Determine the winner

Now you’ll add the game logic inside the else block. You’ll use if/elif/else with the == comparison operator and and to check every winning condition.

  1. Beneath the # Determine the winner comment (inside the else block), add the following lines:

     if player == computer:
         print("It's a tie!")
     elif player == "rock" and computer == "scissors":
         print("You win! Rock crushes scissors.")
     elif player == "paper" and computer == "rock":
         print("You win! Paper covers rock.")
     elif player == "scissors" and computer == "paper":
         print("You win! Scissors cuts paper.")
     else:
         print(f"Computer wins! {computer.capitalize()} beats {player}.")
    

    Each elif uses and to check two conditions at once: both the player’s choice and the computer’s choice must match for that branch to run.

  2. Your complete game.py should now look like this:

     import random
    
     # Display the game title
     print("Rock, Paper, Scissors!")
     print("-" * 23)
    
     # Get and display the player's choice
     player = input("Enter your choice (rock, paper, scissors): ").lower()
     print(f"You chose: {player}")
    
     # Check if the player's choice is invalid
     if player != "rock" and player != "paper" and player != "scissors":
         # Display an invalid input message
         print("Invalid choice. Please enter rock, paper, or scissors.")
            
     # Play the game if the player's choice is valid
     else:
         # Generate the computer's choice
         computer = random.choice(["rock", "paper", "scissors"])
         print(f"Computer chose: {computer}")
    
         # Determine the winner
         if player == computer:
             print("It's a tie!")
         elif player == "rock" and computer == "scissors":
             print("You win!

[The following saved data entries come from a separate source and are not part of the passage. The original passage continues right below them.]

Lemma bier_colors_geq : #|T| - 1 <= k.
Proof.
have [F [x [_ bF]]] := exists_blocked complex0.
have /and3P [_ xF _] := bF.
rewrite -(size_bier_clique xF).
exact: (clique_size_leq c_range c_proper (bier_clique_uniq F x) (bier_clique_edge bF)).
Qed.

Lemma blocked_colors_onto (I : {set T}) x g : k <= #|T| - 1 -> blocked I x -> g < k ->
  (exists2 i, i \in I & c (inl i) = g) \/ (exists2 j, j \notin x |: I & c (inr j) = g).
Proof.
move=> k_le bI gk; have /and3P [_ xI _] := bI.
have k_size : k <= size (bier_clique I x) by rewrite size_bier_clique.
have [u /mem_bier_clique [[i iI ->]|[j jn ->]] cu] :=
  clique_colors_onto c_range c_proper (bier_clique_uniq I x) (bier_clique_edge bI)
    k_size gk.
  by left; exists i.
by right; exists j.
Qed.

End Coloring.
End Complex.

Section TwinColors.
Variables (T : finType) (K : {set {set T}}).
Hypotheses (K_complex : is_complex K) (K_setTN : setT \notin K).
Variable c : T + T -> nat.
Hypothesis c_range : forall v, [set v] \in bier K -> c v < #|T| - 1.
Hypothesis c_proper : forall u v, u != v -> [set u; v] \in bier K -> c u != c v.

Lemma left_color_range i : [set i] \in K -> c (inl i) < #|T| - 1.
Proof. by move=> iK; apply: c_range; rewrite bier_vertex_l iK. Qed.

Lemma notin_complex_setC1 (I : {set T}) x j :
  x |: I \notin K -> j \notin x |: I -> ~: [set j] \notin K.
Proof.
move=> xIK jn; apply: (complex_notin_sup K_complex _ xIK).
by rewrite subsetC sub1set in_setC.
Qed.

(* If [v] were not a cone point, some face [I] would be blocked by [v]; the color
   of [inl v] and [inr v] must then occur on the clique of [I] and [v], whose
   vertices are all adjacent to [inl v] or to [inr v]. *)
Lemma twin_colors_cone_vertex v :
  [set v] \in K -> ~: [set v] \notin K -> c (inl v) = c (inr v) ->
  forall I, I \in K -> v |: I \in K.
Proof.
move=> vK vR cv I IK; have [vI|vI] := boolP (v \in I).
  by rewrite (setUidPr _) ?sub1set.
apply/negPn/negP => vIK; have bI : blocked K I v by rewrite /blocked IK vI vIK.
have [[i iI ci]|[j jn cj]] :=
  blocked_colors_onto K_complex K_setTN c_range c_proper (leqnn _) bI (left_color_range vK).
- have iv : i != v by apply: contraNneq vI => <-.
  suff : c (inl i) != c (inr v) by rewrite ci cv eqxx.
  by apply: c_proper; rewrite // bier_edge_lr vR iv (complex_sub K_complex _ IK) ?sub1set.
- have vj : v != j by apply: contraNneq jn => <-; rewrite setU11.
  suff : c (inl v) != c (inr j) by rewrite cj eqxx.
  by apply: c_proper; rewrite // bier_edge_lr vK vj (notin_complex_setC1 vIK jn).
Qed.

Section DistinctTwins.
Hypothesis T_ge3 : 3 <= #|T|.
Hypothesis twins_differ :
  forall v, [set v] \in K -> ~: [set v] \notin K -> c (inl v) != c (inr v).

Lemma left_right_colors_differ i j :
  [set i] \in K -> ~: [set j] \notin K -> c (inl i) != c (inr j).
Proof.
move=> iK; case: (eqVneq i j) => [<- iR|ij jR]; first exact: twins_differ.
by apply: c_proper; rewrite // bier_edge_lr iK jR ij.
Qed.

Let left_colors :=
  [seq g <- iota 0 (#|T| - 1) | [exists i, ([set i] \in K) && (c (inl i) == g)]].

(* The clique of a blocked pair [I, x] uses every color, and no left-vertex color
   can sit on one of its right vertices: so [I] carries exactly the left colors. *)
Lemma card_blocked (I : {set T}) x : blocked K I x -> #|I| = size left_colors.
Proof.
move=> bI; have /and3P [IK _ xIK] := bI.
have iK i : i \in I -> [set i] \in K.
  by move=> iI; rewrite (complex_sub K_complex _ IK) ?sub1set.
have colors_uniq : uniq [seq c (inl i) | i <- enum I].
  rewrite map_inj_in_uniq ?enum_uniq // => i i'; rewrite !mem_enum => iI i'I ci.
  case: (eqVneq i i') => // ii'; suff : c (inl i) != c (inl i') by rewrite ci eqxx.
  apply: c_proper; rewrite ?(inj_eq (@inl_inj _ _)) // bier_edge_ll K_setTN andbT.
  by rewrite (complex_sub K_complex _ IK) // subUset !sub1set iI i'I.
have colors_eq : [seq c (inl i) | i <- enum I] =i left_colors.
  move=> g; rewrite mem_filter mem_iota /=; apply/mapP/andP.
    case=> i; rewrite mem_enum => iI ->; split; last exact: left_color_range (iK i iI).
    by apply/existsP; exists i; rewrite iK ?eqxx.
  case=> /existsP [i0 /andP [i0K /eqP <-]] i0_range.
  have [[i iI ci]|[j jn cj]] :=
    blocked_colors_onto K_complex K_setTN c_range c_proper (leqnn _) bI i0_range.
    by exists i; rewrite ?mem_enum.
  by have := left_right_colors_differ i0K (notin_complex_setC1 xIK jn); rewrite cj eqxx.
rewrite cardE -(size_map (fun i => c (inl i))); apply: perm_size.
by apply: uniq_perm; rewrite ?filter_uniq ?iota_uniq.
Qed.

Lemma card_face_leq (I : {set T}) : I \in K -> #|I| <= size left_colors.
Proof.
move=> IK; have [F [x [IF bF]]] := exists_blocked K_setTN IK.
by rewrite -(card_blocked bF) subset_leq_card.
Qed.

Lemma face_extend (I : {set T}) x : I \in K -> #|I| < size left_colors -> x |: I \in K.
Proof.
move=> IK; have [xI _|xI] := boolP (x \in I); first by rewrite (setUidPr _) ?sub1set.
apply: contraTT => xIK; rewrite -leqNgt (card_blocked (x := x)) //.
by rewrite /blocked IK xI xIK.
Qed.

Lemma singleton_in_complex i : 1 <= size left_colors -> [set i] \in K.
Proof.
move=> a1; rewrite -(setU0 [set i]).
by apply: face_extend (complex0 K_complex) _; rewrite cards0.
Qed.

Lemma left_colors_lt2 : size left_colors < 2.
Proof.
rewrite ltnNge; apply/negP => a2.
have s_uniq : uniq (map (@inl T T) (enum T)).
  by rewrite map_inj_uniq ?enum_uniq //; move=> ? ? [].
have s_clique : {in map (@inl T T) (enum T) &, forall u v, [set u; v] \in bier K}.
  move=> _ _ /mapP [i _ ->] /mapP [j _ ->]; rewrite bier_edge_ll K_setTN andbT.
  by apply: face_extend; rewrite ?cards1 ?singleton_in_complex //; apply: ltnW.
have := clique_size_leq c_range c_proper s_uniq s_clique.
by rewrite size_map -cardT; lia.
Qed.

Lemma left_colors_gt : #|T| - 3 < size left_colors.
Proof.
rewrite ltnNge; apply/negP => a3.
have nonface (S : {set T}) : #|T| - 2 <= #|S| -> S \notin K.
  by move=> S2; apply/negP => /card_face_leq; lia.
have s_uniq : uniq (map (@inr T T) (enum T)).
  by rewrite map_inj_uniq ?enum_uniq //; move=> ? ? [].
have s_clique : {in map (@inr T T) (enum T) &, forall u v, [set u; v] \in bier K}.
  move=> _ _ /mapP [i _ ->] /mapP [j _ ->]; rewrite bier_edge_rr complex0 // andbT.
  by apply: nonface; have := cardsC [set i; j]; rewrite cards2; case: (_ != _) => /=; lia.
have := clique_size_leq c_range c_proper s_uniq s_clique.
by rewrite size_map -cardT; lia.
Qed.

Lemma points_complex : #|T| = 3 /\ forall S : {set T}, (S \in K) = (#|S| <= 1).
Proof.
have := left_colors_lt2; have := left_colors_gt => a_gt a_lt.
have a1 : size left_colors = 1 by lia.
split=> [|S]; first by lia.
apply/idP/idP => [/card_face_leq|]; first by rewrite a1.
rewrite leq_eqVlt ltnS leqn0 => /orP [/cards1P [x ->]|/eqP/cards0_eq ->].
  by rewrite singleton_in_complex ?a1.
exact: complex0 K_complex.
Qed.

End DistinctTwins.

Lemma cone_vertex_or_points : 3 <= #|T| ->
  (exists v, forall I, I \in K -> v |: I \in K) \/
  (#|T| = 3 /\ forall S : {set T}, (S \in K) = (#|S| <= 1)).
Proof.
move=> T_ge3; case: (pickP (fun v =>
  [&& [set v] \in K, ~: [set v] \notin K & c (inl v) == c (inr v)])).
  move=> v /and3P [vK vR /eqP cv]; left; exists v.
  exact: twin_colors_cone_vertex.
move=> no_twin; right; apply: points_complex => // v vK vR.
by have := no_twin v; rewrite /= vK vR => /negbT.
Qed.

End TwinColors.

Section PermImage.
Local Open Scope group_scope.
Variable T : finType.
Implicit Types (s : {perm T}) (A : {set T}).

Lemma perm_imset_pre s A : s @: A = s^-1 @^-1: A.
Proof. exact/can_imset_pre/permK. Qed.

Lemma mem_perm_imset s A x : (x \in s @: A) = (s^-1 x \in A).
Proof. by rewrite perm_imset_pre inE. Qed.

Lemma perm_imsetK s : cancel (fun A => s @: A) (fun A => s^-1 @: A).
Proof. by move=> A; apply/setP => x; rewrite !mem_perm_imset invgK permK. Qed.

Lemma perm_imsetC s A : s @: (~: A) = ~: (s @: A).
Proof. by rewrite !perm_imset_pre preimsetC. Qed.

Lemma perm_imsetT s : s @: [set: T] = [set: T].
Proof. by rewrite perm_imset_pre preimsetT. Qed.

End PermImage.

Section Relabel.
Local Open Scope group_scope.
Variable n : nat.
Implicit Types (s t : {perm 'I_n}) (K : {set {set 'I_n}}).

Lemma relabelE s K S : (S \in relabel s K) = (s^-1 @: S \in K).
Proof. by rewrite /relabel (can_imset_pre _ (perm_imsetK s)) inE. Qed.

Lemma relabelM s t K : relabel s (relabel t K) = relabel (t * s) K.
Proof.
apply/setP => S; rewrite !relabelE invMg -imset_comp; congr (_ \in K).
by apply: eq_imset => x /=; rewrite permM.
Qed.

Lemma relabel1 K : relabel 1 K = K.
Proof.
apply/setP => S; rewrite relabelE invg1; congr (_ \in K).
by apply/setP => x; rewrite mem_perm_imset invg1 perm1.
Qed.

Lemma relabel_complex s K : is_complex K -> is_complex (relabel s K).
Proof.
case=> /set0Pn [A AK] K_sub; split.
  by apply/set0Pn; exists (s @: A); rewrite relabelE perm_imsetK.
by move=> A' B'; rewrite !relabelE => BA; apply: K_sub; apply: imsetS.
Qed.

Lemma relabel_setT s K : (setT \in relabel s K) = (setT \in K).
Proof. by rewrite relabelE perm_imsetT. Qed.

Lemma bier_relabel_edge s K u v :
  ([set u; v] \in bier (relabel s K)) = ([set sum_map s^-1 u; sum_map s^-1 v] \in bier K).
Proof.
by case: u => i; case: v => j /=;
  rewrite ?bier_edge_ll ?bier_edge_rr ?bier_edge_lr ?bier_edge_rl !relabelE
    ?perm_imsetC ?imsetU1 ?imset_set1 ?perm_imsetT ?imset0 ?(inj_eq perm_inj).
Qed.

Lemma relabel_colorable s K k : colorable (bier K) k -> colorable (bier (relabel s K)) k.
Proof.
apply: (colorable_pullback (phi := sum_map s^-1)); first exact/sum_map_inj/perm_inj.
by move=> u v; rewrite bier_relabel_edge.
Qed.

End Relabel.

Section AlexanderDual.
Variable T : finType.
Implicit Types (K : {set {set T}}).

Definition sum_swap (u : T + T) : T + T := match u with inl i => inr i | inr i => inl i end.

Lemma sum_swap_inj : injective sum_swap.
Proof. by move=> [i|i] [j|j] //= [->]. Qed.

Lemma bier_alex_dual_edge K u v :
  ([set u; v] \in bier (alex_dual K)) = ([set sum_swap u; sum_swap v] \in bier K).
Proof.
case: u => i; case: v => j /=;
  rewrite ?bier_edge_ll ?bier_edge_rr ?bier_edge_lr ?bier_edge_rl !inE
    ?setCK ?setC0 ?setCT ?negbK //.
- by rewrite eq_sym; case: (_ \in K); case: (_ \in K).
- by rewrite eq_sym; case: (_ \in K); case: (_ \in K).
Qed.

Lemma alex_dual_colorable K k : colorable (bier K) k -> colorable (bier (alex_dual K)) k.
Proof.
apply: (colorable_pullback (phi := sum_swap)); first exact: sum_swap_inj.
by move=> u v; rewrite bier_alex_dual_edge.
Qed.

End AlexanderDual.

Section Cone.
Variable n : nat.
Local Notation wd := (widen_ord (leqnSn n)).
Implicit Types (R : {set {set 'I_n}}) (X : {set 'I_n}) (S : {set 'I_n.+1}).

Lemma widen_inj : injective wd.
Proof. by move=> i j /(congr1 val) /= /val_inj. Qed.

Lemma widen_neq_max i : (wd i == ord_max) = false.
Proof. by apply/negbTE; rewrite -val_eqE /= neq_ltn ltn_ord. Qed.

Lemma lift_max_widen i : lift ord_max i = wd i.
Proof. by apply: val_inj; rewrite /= /bump leqNgt ltn_ord. Qed.

Lemma max_or_widen (x : 'I_n.+1) : x = ord_max \/ exists i, x = wd i.
Proof.
by case: (unliftP ord_max x) => [i ->|->]; [right; exists i; rewrite lift_max_widen|left].
Qed.

Lemma mem_widen_set X i : (wd i \in widen_set X) = (i \in X).
Proof. exact/mem_imset/widen_inj. Qed.

Lemma max_notin_widen_set X : (ord_max \in widen_set X) = false.
Proof. by apply/negbTE/imsetP => -[i _ /eqP]; rewrite eq_sym widen_neq_max. Qed.

Lemma widen_setK X : wd @^-1: widen_set X = X.
Proof. by apply/setP => i; rewrite inE mem_widen_set. Qed.

Lemma preimset_widen1 i : wd @^-1: [set wd i] = [set i].
Proof. by rewrite -imset_set1 widen_setK. Qed.

Lemma preimset_max : wd @^-1: [set ord_max] = set0.
Proof. by apply/setP => i; rewrite !inE widen_neq_max. Qed.

Lemma widen_set_preimset S :
  S = if ord_max \in S then ord_max |: widen_set (wd @^-1: S) else widen_set (wd @^-1: S).
Proof.
apply/setP => x; case: (max_or_widen x) => [->|[i ->]].
  by case: ifP; rewrite ?setU11 ?max_notin_widen_set.
by case: ifP; rewrite ?in_setU1 ?widen_neq_max mem_widen_set inE.
Qed.

Lemma widen_set_preimset_sub S : widen_set (wd @^-1: S) \subset S.
Proof. by apply/subsetP => _ /imsetP [i iS ->]; rewrite inE in iS. Qed.

Lemma sub_max_widen_set_preimset S : S \subset ord_max |: widen_set (wd @^-1: S).
Proof.
apply/subsetP => x xS; case: (max_or_widen x) => [->|[i ei]]; first exact: setU11.
by rewrite ei setU1r // mem_widen_set inE -ei.
Qed.

Lemma cone_mem R S : (S \in cone R) = (wd @^-1: S \in R).
Proof.
apply/idP/idP.
  by rewrite inE => /orP [] /imsetP [X XR ->];
    rewrite ?preimsetU ?preimset_max ?set0U widen_setK.
move=> SR; rewrite (widen_set_preimset S) inE; case: ifP => _; apply/orP; [right|left];
  exact: imset_f.
Qed.

Lemma cone_setT R : (setT \in cone R) = (setT \in R).
Proof. by rewrite cone_mem preimsetT. Qed.

Lemma sum_map_widen_or_max (u : 'I_n.+1 + 'I_n.+1) :
  (exists w, u = sum_map wd w) \/ u = inl ord_max \/ u = inr ord_max.
Proof.
case: u => x; case: (max_or_widen x) => [->|[i ->]]; auto.
  by left; exists (inl i).
by left; exists (inr i).
Qed.

Ltac bier_cone_simpl := rewrite
  ?bier_edge_ll ?bier_edge_rr ?bier_edge_lr ?bier_edge_rl ?bier_vertex_l ?bier_vertex_r
  !cone_mem ?preimsetC ?preimsetU ?preimset_widen1 ?preimset_max ?preimsetT ?preimset0
  ?set0U ?setU0 ?(inj_eq widen_inj) ?widen_neq_max ?eqxx //=.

Rock crushes scissors.")
         elif player == "paper" and computer == "rock":
             print("You win! Paper covers rock.")
         elif player == "scissors" and computer == "paper":
             print("You win! Scissors cuts paper.")
         else:
             print(f"Computer wins! {computer.capitalize()} beats {player}.")
    
  3. Run the program several times to test each possible outcome — win, lose, and tie.

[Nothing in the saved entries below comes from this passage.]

Lemma pow_trinomial_derive (A p B r D s t : R) : 0 < t ->
  derivable_pt_lim (pow_trinomial A p B r D s) t
    (Rpower t (r - 1) * pow_hump (p * A) (p - r) (s * D) (s - r) (r * B) t).
Proof.
  intro Ht.
  replace (Rpower t (r - 1) * pow_hump (p * A) (p - r) (s * D) (s - r) (r * B) t)
    with (A * (p * Rpower t (p - 1)) - B * (r * Rpower t (r - 1))
          - D * (s * Rpower t (s - 1)))
    by (unfold pow_hump; rewrite (Rpower_split t (r - 1) (p - 1)),
          (Rpower_split t (r - 1) (s - 1));
        replace (p - 1 - (r - 1)) with (p - r) by ring;
        replace (s - 1 - (r - 1)) with (s - r) by ring; ring).
  apply (derivable_pt_lim_minus
           (fun x => A * Rpower x p - B * Rpower x r) (fun x => D * Rpower x s));
    [apply (derivable_pt_lim_minus (fun x => A * Rpower x p)) |];
    now apply derivable_pt_lim_scal_Rpower.
Qed.

Lemma pow_trinomial_shape (A p B r D s : R) :
  0 < r -> r < p -> p < s -> 0 < A -> 0 < B -> 0 < D ->
  (exists t0, 0 < t0 /\ 0 < pow_hump A (p - r) D (s - r) B t0) ->
  let f := pow_trinomial A p B r D s in
  (exists t1 t2 : R,
      0 < t1 /\ 0 < t2 /\ t1 <> t2 /\
      (forall t, 0 < t -> (derivable_pt_lim f t 0 <-> (t = t1 \/ t = t2))) /\
      (exists eps, 0 < eps /\
         forall t, 0 < t -> Rabs (t - t1) < eps -> f t1 <= f t) /\
      f t1 < 0 /\
      (forall t, 0 < t -> f t <= f t2) /\
      0 < f t2) /\
  (exists R0 R1 : R,
      0 < R0 /\ R0 < R1 /\ f R0 = 0 /\ f R1 = 0 /\
      (forall t, 0 < t -> (0 < f t <-> (R0 < t /\ t < R1)))).
Proof.
  intros Hr Hrp Hps HA HB HD Hpeak f.
  set (psi := pow_hump (p * A) (p - r) (s * D) (s - r) (r * B)).
  set (f' := fun t => Rpower t (r - 1) * psi t).
  assert (Hd : forall t, 0 < t -> derivable_pt_lim f t (f' t))
    by (intros t Ht; now apply pow_trinomial_derive).
  destruct (pow_hump_neg_pos_neg A (p - r) D (s - r) B) as [z1 [z2 Hphi]];
    try lra; try assumption.
  assert (Hf : neg_pos_neg f z1 z2)
    by (apply (neg_pos_neg_scale (fun t => Rpower t r) _ _ _ _ (fun t _ => Rpower_pos t r)
                 (pow_trinomial_factor A p B r D s) Hphi)).
  pose proof Hf as (Hz1 & Hz12 & Hfz1 & Hfz2 & Hfpos & _).
  destruct (derive_pos_of_lt f f' z1 ((z1 + z2) / 2)) as [c [Hc Hf'c]];
    [lra | rewrite Hfz1; apply Hfpos; lra | intros c Hc; apply Hd; lra |].
  assert (Hpsi_c : 0 < psi c)
    by (pose proof (Rpower_pos c (r - 1)); unfold f' in Hf'c; nra).
  destruct (pow_hump_neg_pos_neg (p * A) (p - r) (s * D) (s - r) (r * B))
    as [t1 [t2 Hpsi]]; try nra; [exists c; split; [lra | exact Hpsi_c] |].
  assert (Hf' : neg_pos_neg f' t1 t2)
    by (apply (neg_pos_neg_scale (fun t => Rpower t (r - 1)) psi _ _ _
                 (fun t _ => Rpower_pos t (r - 1)) (fun t => eq_refl) Hpsi)).
  pose proof Hpsi as (Ht1 & Ht12 & _).
  split.
  - exists t1, t2. do 3 (split; [lra |]).
    exact (neg_pos_neg_derive_extrema f f' t1 t2 z1 z2 Hd Hf' Hf).
  - exists z1, z2. do 4 (split; [assumption |]).
    intros t Ht; exact (neg_pos_neg_pos_iff f z1 z2 t Hf Ht).
Qed.

Lemma gammaq_exponents_ordered (N : nat) (p q : R) :
  1 < p -> p < INR N -> p < q -> q < p + p ^ 2 / INR N ->
  0 < q * gammaq N p q /\ q * gammaq N p q < p /\ p < pstar N p.
Proof.
  intros Hp HpN Hpq Hq. unfold gammaq, pstar.
  split; [| split].
  - replace (q * (INR N * (q - p) / (p * q))) with (INR N / p * (q - p)) by (field; lra).
    apply Rmult_lt_0_compat; [apply Rdiv_lt_0_compat |]; lra.
  - replace (q * (INR N * (q - p) / (p * q)))
      with (p - INR N / p * (p + p ^ 2 / INR N - q)) by (field; lra).
    assert (0 < INR N / p * (p + p ^ 2 / INR N - q))
      by (apply Rmult_lt_0_compat; [apply Rdiv_lt_0_compat |]; lra).
    lra.
  - replace (INR N * p / (INR N - p)) with (p + p ^ 2 / (INR N - p)) by (field; lra).
    assert (0 < p ^ 2 / (INR N - p)) by (apply Rdiv_lt_0_compat; nra).
    lra.
Qed.

Lemma Cprime_hump_peak_pos (N : nat) (p q S C mu b : R) :
  let r := q * gammaq N p q in
  let s := pstar N p in
  let D := 1 / (s * Rpower S (s / p)) in
  1 < p -> p < q -> r < p -> p < s -> 0 < C -> mu * b < Cprime N p q S C ->
  0 < pow_hump (1 / p) (p - r) D (s - r) (mu / q * C * b)
        (pow_hump_peak (1 / p) (p - r) D (s - r)).
Proof.
  intros r s D Hp Hpq Hrp Hps HC Hsmall.
  set (SS := Rpower S (s / p)) in *.
  assert (HSS : 0 < SS) by apply Rpower_pos.
  assert (HD : 0 < D) by (apply Rdiv_lt_0_compat; [lra | apply Rmult_lt_0_compat; lra]).
  rewrite pow_hump_peak_value by (try exact HD; try apply Rdiv_lt_0_compat; lra).
  replace (s - r - (p - r)) with (s - p) by ring.
  replace ((p - r) * (1 / p) / ((s - r) * D)) with (s * SS * (p - r) / (p * (s - r)))
    by (unfold D; field; lra).
  change (Cprime N p q S C) with
    (Rpower (s * SS * (p - r) / (p * (s - r))) ((p - r) / (s - p))
     * (q * (s - p) / (p * C * (s - r)))) in Hsmall.
  set (Y := Rpower (s * SS * (p - r) / (p * (s - r))) ((p - r) / (s - p))) in *.
  replace ((s - p) / (s - r) * (1 / p) * Y - mu / q * C * b)
    with (C / q * (Y * (q * (s - p) / (p * C * (s - r))) - mu * b))
    by (field; lra).
  apply Rmult_lt_0_compat; [apply Rdiv_lt_0_compat |]; lra.
Qed.

Theorem lemma4p2 (N : nat) (p q S C a mu : R) :
  (2 <= N)%nat ->
  1 < p -> p < INR N ->
  p < q -> q < p + p ^ 2 / INR N ->
  0 < S -> 0 < C ->
  0 < a -> 0 < mu ->
  mu * Rpower a (q * (1 - gammaq N p q)) < alpha N p q S C ->
  let h := hfun N p q S C a mu in
  (exists t1 t2 : R,
      0 < t1 /\ 0 < t2 /\ t1 <> t2 /\
      (forall t, 0 < t -> (derivable_pt_lim h t 0 <-> (t = t1 \/ t = t2))) /\
      (exists eps, 0 < eps /\
         forall t, 0 < t -> Rabs (t - t1) < eps -> h t1 <= h t) /\
      h t1 < 0 /\
      (forall t, 0 < t -> h t <= h t2) /\
      0 < h t2) /\
  (exists R0 R1 : R,
      0 < R0 /\ R0 < R1 /\ h R0 = 0 /\ h R1 = 0 /\
      (forall t, 0 < t -> (0 < h t <-> (R0 < t /\ t < R1)))).
Proof.
  intros _ Hp HpN Hpq Hq _ HC _ Hmu Hsmall h.
  destruct (gammaq_exponents_ordered N p q Hp HpN Hpq Hq) as (Hr & Hrp & Hps).
  assert (HSS : 0 < Rpower S (pstar N p / p)) by apply Rpower_pos.
  assert (Ha' : 0 < Rpower a (q * (1 - gammaq N p q))) by apply Rpower_pos.
  apply (pow_trinomial_shape (1 / p) p (mu / q * C * Rpower a (q * (1 - gammaq N p q)))
           (q * gammaq N p q) (1 / (pstar N p * Rpower S (pstar N p / p))) (pstar N p));
    try assumption.
  - apply Rdiv_lt_0_compat; lra.
  - apply Rmult_lt_0_compat; [apply Rmult_lt_0_compat; [apply Rdiv_lt_0_compat |] |]; lra.
  - apply Rdiv_lt_0_compat; [lra | apply Rmult_lt_0_compat; lra].
  - eexists; split; [apply Rpower_pos |].
    apply Cprime_hump_peak_pos; try assumption.
    apply (Rlt_le_trans _ _ _ Hsmall), Rmin_l.
Qed.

     Rock, Paper, Scissors!
     -----------------------
     Enter your choice (rock, paper, scissors): rock
     You chose: rock
     Computer chose: scissors
     You win! Rock crushes scissors.
    

Extend with GitHub Copilot

Now that the game is working, use GitHub Copilot to extend it. Open the Copilot Chat panel in VS Code (Ctrl+Alt+I) and try the following prompts.

Explore other ways to write conditions

“In Python, what is the ‘in’ operator, and how could I use it to simplify checking if a player’s input is valid?”

Python has a cleaner alternative to chaining != with and. Ask the AI to explain it and try rewriting your input validation line.

Understand short-circuit evaluation

“What is short-circuit evaluation in Python’s ‘and’ and ‘or’ operators? Can you show me an example?”

This is an important behavior to understand when your conditions involve function calls or expressions that could raise errors.

Think about edge cases

“What are some edge cases I should test in a rock, paper, scissors game? How could conditional logic handle them?”

Use the AI’s answer to think critically about inputs your current program doesn’t handle — then decide which ones are worth adding.